И, не дожидаясь ответа, откинулась назад, на кровать, увлекая за собой мужа. Впрочем, стоило посмотреть назад - демонесса промахнулась, и рухнула на ковёр, благо тот был достаточно толстым и пушистым, что-бы смягчить падение. Тихо рассмеявшись, Астарот поцеловала Итаниэля, и... и краем глаза заметила, что в узкой щелке приоткрытой двери сверкает любопытством бледно-желтый глаз. Чуть погодя послышалась возня и возмущённый писк - магический страж бесцеремонно оттащил Асмодею от спальни родителей.
Так чем-же закончились приключения эльфа и демонессы? Они закончились тишиной и покоем - они это заслужили. Да, небыло ни фанфар, ни памятников, ни шествий в их честь, но... но им это и не надо было. Они просто отошли в сторонку, уступив место новым, более молодым и дерзким спасителям мира, добра и справедливости. Просто жили для себя и для своей дочери, которая, впитав в себя лучшее и от Итана, и от Асты, через много лет пошла их дорогой, оставляя позади себя следы, присыпанные розовыми лепестками. Дорогой приключений.
Отправлено
Леро Рандгер&Beaver
Барсил
Мало кто обращал внимания на всякие подозрительные личности — в Барсиле половина населения была подозрительными личностями. Поэтому Джошуа чувствовал себя в городе более чем комфортно. И поэтому он надеялся, что найти нужного человека будет легко — уж слишком эта личность выделялась на общем фоне своей честностью и открытостью. Однако это было не единственным, что заставляло Джошуа быть уверенным в успешности своего поиска. Он чувствовал Вирайю. Чувствовал, что она сохранила его последний подарок. Это грело мальчику душу.
Вот и она. Стоит посреди пристани и громко проповедует, не замечая знакомой фигуры под просторным плащом и знакомого лица под капюшоном.

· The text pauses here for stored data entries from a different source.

(* Let $G=\Box_{i=1}^{l}G_i$ be a Cartesian product of stars $G_1,\dots,G_l$, where the vertices of each $G_i$ are labelled $0,1,\dots,|V(G_i)|-1$ with $0$ the star-center of $G_i$, and let $v_G$ be the vertex with coordinates $(0,\dots,0)$. Then for every integer $k\geq 0$, the induced subgraph $\langle N_k^G[v_G]\rangle$ is an isometric subgraph of $G$.
   Context: A star is a connected acyclic graph on vertex set $V$ having a vertex (its star-center) of degree $|V|-1$, all other vertices having degree $1$. The Cartesian product $G\Box H$ has vertex set $V(G)\times V(H)$, with $(g_1,h_1)$ adjacent to $(g_2,h_2)$ iff either $(g_1,g_2)\in E(G)$ and $h_1=h_2$, or $(h_1,h_2)\in E(H)$ and $g_1=g_2$; vertices of $\Box_{i}G_i$ are written as coordinate vectors. $N_k^G[v]=\{x\in V(G): d_G(v,x)\le k\}$ and $\langle N_k^G[v]\rangle$ is the subgraph it induces. A subgraph $H\subseteq G$ is isometric if $d_H(x,y)=d_G(x,y)$ for all $x,y\in V(H)$. *)

From HB Require Import structures.
From mathcomp Require Import all_boot.
Set Implicit Arguments. Unset Strict Implicit. Unset Printing Implicit Defensive.

(* A (simple, finite) graph is given by its vertex finType and a symmetric
   irreflexive adjacency relation [e : rel T]. *)

Definition walkb (T : finType) (e : rel T) (x y : T) (k : nat) : bool :=
  [exists p : k.-tuple T, path e x p && (last x p == y)].

(* Graph distance d_e(x,y); [None] encodes infinity (x, y disconnected).
   Shortest walks are paths, hence have fewer than #|T| edges, so searching
   lengths 0 .. #|T|-1 finds the minimum when it exists. *)
Definition gdist (T : finType) (e : rel T) (x y : T) : option nat :=
  if has (walkb e x y) (iota 0 #|T|) then Some (find (walkb e x y) (iota 0 #|T|))
  else None.

Definition nbhd (T : finType) (e : rel T) (v : T) (k : nat) : {set T} :=
  [set x | if gdist e v x is Some d then d <= k else false].

Definition induced (T : finType) (e : rel T) (S : {set T}) : rel T :=
  fun a b => [&& a \in S, b \in S & e a b].

Definition isometric_induced (T : finType) (e : rel T) (S : {set T}) : Prop :=
  forall x y, x \in S -> y \in S -> gdist (induced e S) x y = gdist e x y.

Definition star_rel (m : nat) : rel 'I_m.+1 :=
  fun a b => (a != b) && ((val a == 0) || (val b == 0)).

Definition cart_rel (l : nat) (V : 'I_l -> finType) (E : forall i, rel (V i))
  : rel {dffun forall i : 'I_l, V i} :=
  fun x y => [exists i, E i (x i) (y i) && [forall j, (j != i) ==> (x j == y j)]].

Definition star_prod_rel (l : nat) (n : 'I_l -> nat) : rel {dffun forall i : 'I_l, 'I_(n i).+1} :=
  @cart_rel l (fun i => 'I_(n i).+1) (fun i => @star_rel (n i)).

Definition star_prod_center (l : nat) (n : 'I_l -> nat)
  : {dffun forall i : 'I_l, 'I_(n i).+1} := [ffun i => ord0].
Arguments star_prod_rel : clear implicits.
Arguments star_prod_center : clear implicits.

From mathcomp Require Import all_boot.
From mathcomp Require Import zify.
Set Implicit Arguments. Unset Strict Implicit. Unset Printing Implicit Defensive.

(* Let D(x,y) = sum_i sd(x_i,y_i), where sd is the distance in a
   star (0 if equal, 1 if one of them is the center, 2 otherwise).  Then:
   - D is 1-Lipschitz along edges of G and D(y,y) = 0, so every walk from x
     to y has at least D(x,y) edges;
   - between any two vertices x, y with D(c,x), D(c,y) <= k (c the center)
     there is a walk with exactly D(x,y) edges staying in that ball: each step
     either moves a non-central disagreeing coordinate of x to the center, or,
     if all disagreeing coordinates of x are central, copies one coordinate
     of y; neither step leaves the ball.
   Hence d_G = D, the ball {x | D(c,x) <= k} is N_k[c], and the induced
   subgraph on it realises all distances D, i.e. it is isometric. *)

Section Walks.
Variables (T : finType) (e : rel T).

Lemma walkbP x y k :
  reflect (exists p : seq T, [/\ size p = k, path e x p & last x p = y])
          (walkb e x y k).
Proof.
apply: (iffP existsP) => [[p /andP[hp /eqP hl]] | [p [hs hp hl]]].
  by exists (val p); split => //; exact: size_tuple.
have hs' : size p == k by apply/eqP.
by exists (Tuple hs'); rewrite /= hp hl eqxx.
Qed.

(* Removing loops from a walk gives a path, with fewer than #|T| edges. *)
Lemma walkb_shorten x y k :
  walkb e x y k -> exists2 k', k' < #|T| & walkb e x y k'.
Proof.
case/walkbP => p [_ hp]; case: (shortenP hp) => p' hp' hu _ hl.
exists (size p').
  have := max_card (mem (x :: p')); rewrite (card_uniqP hu) /=; lia.
by apply/walkbP; exists p'; split.
Qed.

Lemma gdist_min x y d :
  walkb e x y d -> (forall m, walkb e x y m -> d <= m) -> gdist e x y = Some d.
Proof.
move=> hw hmin; have [d' hd' hw'] := walkb_shorten hw.
have hdT : d < #|T| by have := hmin _ hw'; lia.
have hhas : has (walkb e x y) (iota 0 #|T|).
  by apply/hasP; exists d => //; rewrite mem_iota; lia.
rewrite /gdist hhas; congr Some.
set j := find _ _.
have hj : j < #|T| by rewrite -[X in _ < X](size_iota 0) -has_find.
have := nth_find 0 hhas; rewrite nth_iota // add0n => /hmin hdj.
case: (ltnP d j) => hd; last by lia.
by have := before_find 0 hd; rewrite nth_iota ?add0n ?hw.
Qed.
End Walks.

Lemma walkb_sub (T : finType) (e1 e2 : rel T) x y k :
  subrel e1 e2 -> walkb e1 x y k -> walkb e2 x y k.
Proof.
move=> he /walkbP[p [hs hp hl]]; apply/walkbP; exists p; split => //.
exact: sub_path hp.
Qed.

Lemma induced_sub (T : finType) (e : rel T) (S : {set T}) :
  subrel (induced e S) e.
Proof. by move=> a b /and3P[]. Qed.

Section MetricCertificate.
Variables (T : finType) (e : rel T) (D : T -> T -> nat).
Hypothesis D_refl : forall y, D y y = 0.
Hypothesis D_edge : forall x z y, e x z -> D x y <= (D z y).+1.

Lemma walkb_length_lb x y m : walkb e x y m -> D x y <= m.
Proof.
case/walkbP => p [<- hp <-]; elim: p x hp => [|z p IH] x /=.
  by rewrite D_refl.
by case/andP => /(D_edge (last z p)) hxz /IH; lia.
Qed.

Lemma gdist_metric x y : walkb e x y (D x y) -> gdist e x y = Some (D x y).
Proof. by move=> hw; apply: gdist_min hw _ => m; apply: walkb_length_lb. Qed.

Lemma isometric_of_geodesics (S : {set T}) :
  (forall x y, x \in S -> y \in S -> walkb (induced e S) x y (D x y)) ->
  isometric_induced e S.
Proof.
move=> hgeo x y hx hy; have hw := hgeo x y hx hy.
rewrite (gdist_metric (walkb_sub (@induced_sub _ e S) hw)).
apply: gdist_min hw _ => m /(walkb_sub (@induced_sub _ e S)).
exact: walkb_length_lb.
Qed.
End MetricCertificate.

Definition star_dist (m : nat) (a b : 'I_m.+1) : nat :=
  if val a == val b then 0 else if (val a == 0) || (val b == 0) then 1 else 2.

Section StarDist.
Variable m : nat.
Implicit Types a b : 'I_m.+1.

Lemma star_dist_edge a b c : star_rel a b -> star_dist a c <= (star_dist b c).+1.
Proof.
rewrite /star_rel /star_dist -val_eqE.
case: (val a =P val b); case: (val b =P val c); case: (val a =P val c);
case: (val a =P 0); case: (val b =P 0); case: (val c =P 0) => //=; lia.
Qed.

Lemma star_distxx a : star_dist a a = 0.
Proof. by rewrite /star_dist eqxx. Qed.

Lemma star_dist_eq0 a b : star_dist a b = 0 -> a = b.
Proof. by rewrite /star_dist; case: eqP => [/val_inj // | _]; case: ifP. Qed.

(* From a leaf, the shortest way to any other vertex goes via the center. *)
Lemma star_dist_leaf a b :
  val a != 0 -> a != b -> star_dist a b = (star_dist ord0 b).+1.
Proof.
rewrite /star_dist -val_eqE /=.
case: (val a =P val b); case: (val a =P 0); case: (val b =P 0);
case: (0 =P val b) => //=; lia.
Qed.

Lemma star_dist_center a b : val a == 0 -> a != b -> star_dist a b = 1.
Proof. by rewrite /star_dist -val_eqE => -> /negbTE ->. Qed.

Lemma star_dist_center0 b : val b == 0 -> star_dist ord0 b = 0.
Proof. by rewrite /star_dist /= eq_sym => ->. Qed.
End StarDist.

Section StarProduct.
Variables (l : nat) (n : 'I_l -> nat).
Local Notation V := {dffun forall i : 'I_l, 'I_(n i).+1}.
Implicit Types (x y z a : V) (i j : 'I_l).
Local Notation e := (star_prod_rel l n).
Local Notation c := (star_prod_center l n).

Definition prod_dist (x y : V) : nat := \sum_(i < l) star_dist (x i) (y i).

Definition set_coord (x a : V) (i : 'I_l) : V :=
  [ffun j : 'I_l => if j == i then a j else x j].

Lemma set_coordE x a i j : set_coord x a i j = if j == i then a j else x j.
Proof. by rewrite ffunE. Qed.

Lemma prod_dist_split x y i :
  prod_dist x y = star_dist (x i) (y i) + \sum_(j < l | j != i) star_dist (x j) (y j).
Proof. by rewrite /prod_dist (bigD1 i). Qed.

Lemma prod_dist_set_coord x a y i :
  prod_dist (set_coord x a i) y =
  star_dist (a i) (y i) + \sum_(j < l | j != i) star_dist (x j) (y j).
Proof.
rewrite (prod_dist_split _ _ i) set_coordE eqxx; congr addn.
by apply: eq_bigr => j /negbTE hj; rewrite set_coordE hj.
Qed.

Lemma prod_distxx x : prod_dist x x = 0.
Proof. by rewrite /prod_dist big1 // => i _; rewrite star_distxx. Qed.

Lemma prod_dist_eq0 x y : prod_dist x y = 0 -> x = y.
Proof.
move=> h; apply/ffunP => i; apply: star_dist_eq0.
by move: h; rewrite (prod_dist_split x y i) => /eqP; rewrite addn_eq0 => /andP[/eqP].
Qed.

Lemma prod_dist_edge x z y : e x z -> prod_dist x y <= (prod_dist z y).+1.
Proof.
case/existsP => i /andP[hs /forallP hr].
rewrite (prod_dist_split x y i) (prod_dist_split z y i) -addSn.
have -> : \sum_(j < l | j != i) star_dist (x j) (y j) =
          \sum_(j < l | j != i) star_dist (z j) (y j).
  by apply: eq_bigr => j hj; have := hr j; rewrite hj => /eqP ->.
by rewrite leq_add2r; apply: star_dist_edge.
Qed.

Lemma set_coord_edge x a i :
  x i != a i -> (val (x i) == 0) || (val (a i) == 0) -> e x (set_coord x a i).
Proof.
move=> hne h0; apply/existsP; exists i; rewrite set_coordE eqxx /star_rel hne h0.
by apply/forallP => j; apply/implyP => hj; rewrite set_coordE (negbTE hj).
Qed.

Lemma geodesic_step x y : x != y ->
  exists z, [/\ e x z, prod_dist x y = (prod_dist z y).+1
              & prod_dist c z <= maxn (prod_dist c x) (prod_dist c y)].
Proof.
move=> hxy.
have [/existsP[i /andP[hi hleaf]] | hcentral] :=
  boolP [exists i, (x i != y i) && (val (x i) != 0)].
- (* a disagreeing leaf coordinate of x moves to the center *)
  exists (set_coord x c i); split.
  + by apply: set_coord_edge; rewrite /star_prod_center ffunE //= orbT.
  + rewrite prod_dist_set_coord (prod_dist_split x y i) (star_dist_leaf hleaf hi).
    by rewrite /star_prod_center ffunE.
  + apply: leq_trans (leq_maxl _ _); apply: leq_sum => j _.
    by rewrite set_coordE; case: ifP => _ //; rewrite star_distxx.
- (* otherwise x is central wherever it disagrees with y, and copies a
     disagreeing coordinate of y *)
  have central j : x j != y j -> val (x j) == 0.
    move=> hj; apply: contraNT hcentral => hleaf.
    by apply/existsP; exists j; rewrite hj hleaf.
  have [i hi] : exists i, x i != y i.
    apply/existsP; apply: contraNT hxy => /existsPn hall.
    by apply/eqP/ffunP => j; apply/eqP/negPn/hall.
  exists (set_coord x y i); split.
  + by apply: set_coord_edge; rewrite // central.
  + rewrite prod_dist_set_coord (prod_dist_split x y i) star_distxx.
    by rewrite (star_dist_center (central _ hi) hi).
  + apply: leq_trans (leq_maxr _ _); apply: leq_sum => j _.
    rewrite set_coordE; case: ifP => _ //.
    have [-> // | hj] := eqVneq (x j) (y j).
    by rewrite /star_prod_center ffunE star_dist_center0 // central.
Qed.

Definition prod_ball (k : nat) : {set V} := [set z | prod_dist c z <= k].

Lemma ball_geodesic k x y : x \in prod_ball k -> y \in prod_ball k ->
  walkb (induced e (prod_ball k)) x y (prod_dist x y).
Proof.
move=> hx hy; move hd: (prod_dist x y) => d.
elim: d x hd hx => [|d IH] x hd hx.
  by apply/walkbP; exists [::]; split; rewrite //= (prod_dist_eq0 hd).
have hxy : x != y by apply/eqP => hxy; move: hd; rewrite hxy prod_distxx.
have [z [hxz hzd hzc]] := geodesic_step hxy.
have hz : z \in prod_ball k.
  by move: hx hy; rewrite !inE => hx hy; rewrite (leq_trans hzc) // geq_max hx.
have /walkbP[p [hs hp hl]] := IH z (succn_inj (etrans (esym hzd) hd)) hz.
by apply/walkbP; exists (z :: p); rewrite /= hs hl /induced hx hz hxz hp.
Qed.

Lemma star_prod_gdist x y : gdist e x y = Some (prod_dist x y).
Proof.
apply: (gdist_metric prod_distxx prod_dist_edge).
apply: (walkb_sub (@induced_sub _ e (prod_ball (maxn (prod_dist c x) (prod_dist c y))))).
by apply: ball_geodesic; rewrite inE ?leq_maxl ?leq_maxr.
Qed.

Lemma nbhd_prod_ball k : nbhd e c k = prod_ball k.
Proof. by apply/setP => x; rewrite !inE star_prod_gdist. Qed.
End StarProduct.

Theorem lemma3p6 (l : nat) (n : 'I_l -> nat) (k : nat) :
  isometric_induced (star_prod_rel l n)
    (nbhd (star_prod_rel l n) (star_prod_center l n) k).
Proof.
rewrite nbhd_prod_ball.
apply: (isometric_of_geodesics (@prod_distxx l n) (@prod_dist_edge l n)).
exact: ball_geodesic.
Qed.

Джошуа делает глубокий вдох и тихо зовет.
«Мама», — вторит ему морской прибой.
«Мама», — шепчет на ухо Героини легкий бриз.
Он уверен — она услышит. И поймет.
Вирайя замолкает на полуслове, и её рука сама по себе тянется к ледяному сердцу, что подвешено на цепочке рядом с её в эту самую секунду часто-часто забившимся, и крепко сжимает его. Ей думается, что она сходит с ума, что только что услышанный до боли знакомый голос — всего лишь плод её воображения, что у неё галлюцинации. Но она всё равно прекращает проповедь, сбивчиво бормочет извинения и торопливо пробирается мимо безразлично снующих туда-сюда людей, без особой надежды пытаясь разыскать источник звука.

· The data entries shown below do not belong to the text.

Section Words.
Variables (k : nat) (p : nat -> R).

Lemma in_letters a : In a (seq 1 k) <-> (1 <= a <= k)%nat.
Proof. rewrite in_seq. lia. Qed.

Lemma words_valid m w : In w (words k m) -> valid_word k w /\ length w = m.
Proof.
  revert w; induction m as [|m IH]; intros w H; simpl in H.
  - destruct H as [<- | []]. split; [constructor | reflexivity].
  - apply in_flat_map in H as [a [Ha Hw]]. apply in_map_iff in Hw as [w' [<- Hw']].
    destruct (IH w' Hw'). split; [constructor; auto; now apply in_letters | simpl; auto].
Qed.

Lemma word_mean_S m g :
  word_mean k p (S m) g = wmean (seq 1 k) p (fun a => word_mean k p m (fun w => g (a :: w))).
Proof.
  unfold wmean. simpl. rewrite lsum_flat_map. apply lsum_ext. intros a _.
  rewrite lsum_map, <- lsum_scale. apply lsum_ext. intros w _. simpl. ring.
Qed.

Hypothesis Hp : is_distribution (seq 1 k) p.

Lemma words_distribution m : is_distribution (words k m) (word_prob p).
Proof.
  split.
  - intros w Hw. destruct (words_valid m w Hw) as [Hval _]. clear Hw.
    induction Hval as [|a w Ha _ IH]; simpl; [lra|].
    apply Rmult_le_pos; auto. apply (proj1 Hp), in_letters, Ha.
  - induction m as [|m IH]; [unfold lsum; simpl; ring|].
    transitivity (word_mean k p (S m) (fun _ => 1)); [apply lsum_ext; intros; ring|].
    rewrite word_mean_S. transitivity (wmean (seq 1 k) p (fun _ => 1)); [|now apply wmean_const].
    apply wmean_ext. intros a _. etransitivity; [|exact IH]. apply lsum_ext; intros; ring.
Qed.

End Words.

Definition bounded_changes (k : nat) (g : list nat -> R) (c : R) : Prop :=
  forall pre a b w, valid_word k pre -> (1 <= a <= k)%nat -> (1 <= b <= k)%nat ->
    valid_word k w -> Rabs (g (pre ++ a :: w) - g (pre ++ b :: w)) <= c.

Section Sensitivity.
Variables (k : nat) (p : nat -> R) (c : R).
Hypothesis Hp : is_distribution (seq 1 k) p.

(* Azuma's inequality along the Doob martingale that reveals the letters one by one. *)
Lemma word_mean_exp_le lam : Rabs lam * c <= 1/4 ->
  forall m g, bounded_changes k g c ->
  word_mean k p m (fun w => exp (lam * g w)) <=
  exp (lam * word_mean k p m g + 4/3 * INR m * (Rabs lam * c) ^ 2).
Proof.
  intros Ht m. induction m as [|m IH]; intros g Hg.
  - unfold wmean, lsum; simpl. rewrite Rmult_1_l, Rplus_0_r. right. f_equal. ring.
  - rewrite (word_mean_S k p m g), (word_mean_S k p m (fun w => exp (lam * g w))).
    set (psi := fun a => word_mean k p m (fun w => g (a :: w))).
    assert (Hstep : forall a, In a (seq 1 k) ->
      word_mean k p m (fun w => exp (lam * g (a :: w))) <=
      exp (4/3 * INR m * (Rabs lam * c) ^ 2) * exp (lam * psi a)).
    { intros a Ha. rewrite <- exp_plus, Rplus_comm. apply IH.
      intros pre b b' w Hpre. apply (Hg (a :: pre)).
      constructor; auto. now apply in_letters. }
    apply Rle_trans with
      (wmean (seq 1 k) p (fun a => exp (4/3 * INR m * (Rabs lam * c) ^ 2) * exp (lam * psi a)));
      [now apply wmean_le|].
    rewrite wmean_scale, S_INR.
    replace (lam * wmean (seq 1 k) p psi + 4/3 * (INR m + 1) * (Rabs lam * c) ^ 2)
      with (4/3 * INR m * (Rabs lam * c) ^ 2 +
            (lam * wmean (seq 1 k) p psi + 4/3 * (Rabs lam * c) ^ 2)) by ring.
    rewrite (exp_plus (4/3 * INR m * _)).
    apply Rmult_le_compat_l; [left; apply exp_pos|].
    apply wmean_exp_le; auto. intros a b Ha Hb. unfold psi.
    rewrite <- wmean_sub. apply (wmean_abs_le _ _ _ (words_distribution k p Hp m)).
    intros w Hw. destruct (words_valid k m w Hw) as [Hw' _].
    apply (Hg []); auto; [constructor | |]; now apply in_letters.
Qed.

Variable f : list nat -> R.
Hypothesis Hf : forall x y, valid_word k x -> valid_word k y -> neighbor k x y ->
  Rabs (f x - f y) <= c.

Lemma sensitivity_bounded_changes : bounded_changes k f c.
Proof.
  intros pre a b w Hpre Ha Hb Hw.
  apply Hf; try (apply Forall_app; split; auto; constructor; auto).
  left. now exists pre, w, a, b.
Qed.

(* Dropping the first letter is a deletion, so the mean of [f] over words
   of length [m] is [c]-Lipschitz in [m]. *)
Lemma word_mean_step m : Rabs (word_mean k p (S m) f - word_mean k p m f) <= c.
Proof.
  rewrite word_mean_S.
  replace (word_mean k p m f) with (wmean (seq 1 k) p (fun _ => word_mean k p m f))
    by (now apply wmean_const).
  rewrite <- wmean_sub. apply wmean_abs_le; auto. intros a Ha.
  rewrite <- wmean_sub. apply (wmean_abs_le _ _ _ (words_distribution k p Hp m)).
  intros w Hw. destruct (words_valid k m w Hw) as [Hw' _].
  apply Hf; auto.
  - constructor; auto. now apply in_letters.
  - right; right. now exists [], w, a.
Qed.

Lemma word_mean_lipschitz m j :
  Rabs (word_mean k p m f - word_mean k p j f) <= c * Rabs (INR m - INR j).
Proof.
  assert (Hshift : forall i d,
    Rabs (word_mean k p (i + d) f - word_mean k p i f) <= c * INR d).
  { intros i d. induction d as [|d IH].
    - rewrite Nat.add_0_r, Rminus_diag, Rabs_R0. simpl; lra.
    - rewrite Nat.add_succ_r, S_INR. pose proof (word_mean_step (i + d)) as H.
      apply Rabs_le_between in H. apply Rabs_le_between in IH. apply Rabs_le. lra. }
  destruct (Nat.le_ge_cases j m) as [H|H].
  - replace m with (j + (m - j))%nat by lia. rewrite plus_INR.
    replace (INR j + INR (m - j) - INR j) with (INR (m - j)) by ring.
    rewrite (Rabs_right (INR (m - j))) by (apply Rle_ge, pos_INR). apply Hshift.
  - replace j with (m + (j - m))%nat by lia. rewrite plus_INR.
    replace (INR m - (INR m + INR (j - m))) with (- INR (j - m)) by ring.
    rewrite Rabs_Ropp, (Rabs_right (INR (j - m))) by (apply Rle_ge, pos_INR).
    rewrite Rabs_minus_sym. apply Hshift.
Qed.

Lemma word_mean_drift_le lam m j :
  lam * (word_mean k p m f - word_mean k p j f) <= Rabs lam * c * Rabs (INR m - INR j).
Proof.
  rewrite Rmult_assoc. apply Rle_trans with (1 := Rle_abs _). rewrite Rabs_mult.
  apply Rmult_le_compat_l; [apply Rabs_pos | apply word_mean_lipschitz].
Qed.

End Sensitivity.

Lemma exp_le_compat x y : x <= y -> exp x <= exp y.
Proof. intros [H | ->]; [left; now apply exp_increasing | apply Rle_refl]. Qed.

Взгляд натыкается на лицо Джошуа, и на её собственном расцветает донельзя счастливая улыбка, а в её груди разливается тепло, согревая душу. Она переходит на бег и в пару мгновений оказывается возле него, с нежностью заключая его в объятия. По её щекам катятся слёзы. Радости.
— Мама, — хрипло шепчет мальчик в явной попытке сдержать слезы и заключает Вирайю в объятия. В груди щемит от странного, малознакомого юноше чувства, которое люди называют счастьем. Несмотря на то, что руки у Джошуа были ледяными, как и подобает Аватару Воды, от него исходило неестественное тепло, которое нельзя было объяснить ни наукой, ни магией. Тепло, источник которого могла понять лишь женщина, которую он сейчас так крепко обнимал, боясь, что все это — лишь сон, иллюзия для его бессмертной души.

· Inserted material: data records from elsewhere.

Lemma phaseXn th j l k : phase th j l ^+ k = phase (fun i => k%:R * th i) j l.
Proof. by rewrite /phase exprMn -rmorphXn /= -!expiMn. Qed.

Lemma phase_mul_swap th j l : phase th j l * phase th l j = 1.
Proof.
transitivity ((expi (th j))^* * expi (th j) * ((expi (th l))^* * expi (th l))).
  by rewrite /phase; ring.
by rewrite !conj_expiM mulr1.
Qed.

Lemma sum_phase th : \sum_j \sum_l phase th j l = `|\sum_j expi (th j)| ^+ 2.
Proof.
rewrite normCKC rmorph_sum big_distrl /=; apply: eq_bigr => j _.
by rewrite big_distrr.
Qed.

Lemma sum_wform4 th : \sum_(P : pauli n) wform th P ^+ 4 =
  2 ^+ n * (6 * n%:R * (n%:R - 1) + `|\sum_j expi (4 * th j)| ^+ 2).
Proof.
pose G j l := 3 + phase th j l ^+ 4.
under eq_bigr do rewrite wform4.
rewrite big_split /= sum_wdiag4 exchange_big /=.
have sum_pair j l : (j < l)%N ->
    \sum_(P : pauli n) woff th P j l ^+ 4 = 2 ^+ n * (G j l + G l j).
  by move=> jl; rewrite sum_woff4 -?val_eqE /= ?ltn_eqF // phase_mul_swap expr1n /G; ring.
rewrite (eq_bigr _ (fun p => sum_pair p.1 p.2)).
have sum_upper : \sum_(p : 'I_n * 'I_n | (p.1 < p.2)%N) (G p.1 p.2 + G p.2 p.1)
    = \sum_j \sum_l G j l - \sum_j G j j.
  by rewrite sum_diag_upper addrC addKr.
have diag : \sum_j G j j = 4 * n%:R.
  rewrite (eq_bigr (fun _ => 4)) => [|j _]; first by rewrite sumr_const card_ord mulr_natr.
  by rewrite /G phase_diag expr1n; ring.
have full : \sum_j \sum_l G j l = 3 * n%:R ^+ 2 + `|\sum_j expi (4 * th j)| ^+ 2.
  rewrite -sum_phase; under eq_bigr do rewrite big_split /= sumr_const card_ord.
  rewrite big_split /= sumr_const card_ord.
  under [X in _ + X]eq_bigr do under eq_bigr do rewrite phaseXn.
  by ring.
rewrite -mulr_sumr sum_upper diag full; ring.
Qed.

Но эти страхи были напрасны — все это было реальностью.
— Я больше никудай не уйду, мама, честно-честно, — сбивчиво пообещал Джошуа, вытирая все же выступившие на глазах слезы. И в этих словах было столько детской искренности, что не поверить в их искренность казалось невозможным
Вирайя обнимает Джошуа так крепко, что рискует ненароком сделать ему больно, так что почти сразу же, понимая это, ослабляет хватку. Но, Создатель милостивый, как же она рада видеть его… живым, целым и невредимым! Ей хочется сказать ему столь многое, но все слова как назло вылетают из головы, а мысли путаются. Она не находит, что ответить на такое милое и совершенно искреннее обещание, поэтому просто по-матерински целует его в макушку и тихо шепчет:
— Я буду рядом, сынок.
Давно (а может, и вообще никогда до сего момента) она не чувствовала себя такой счастливой.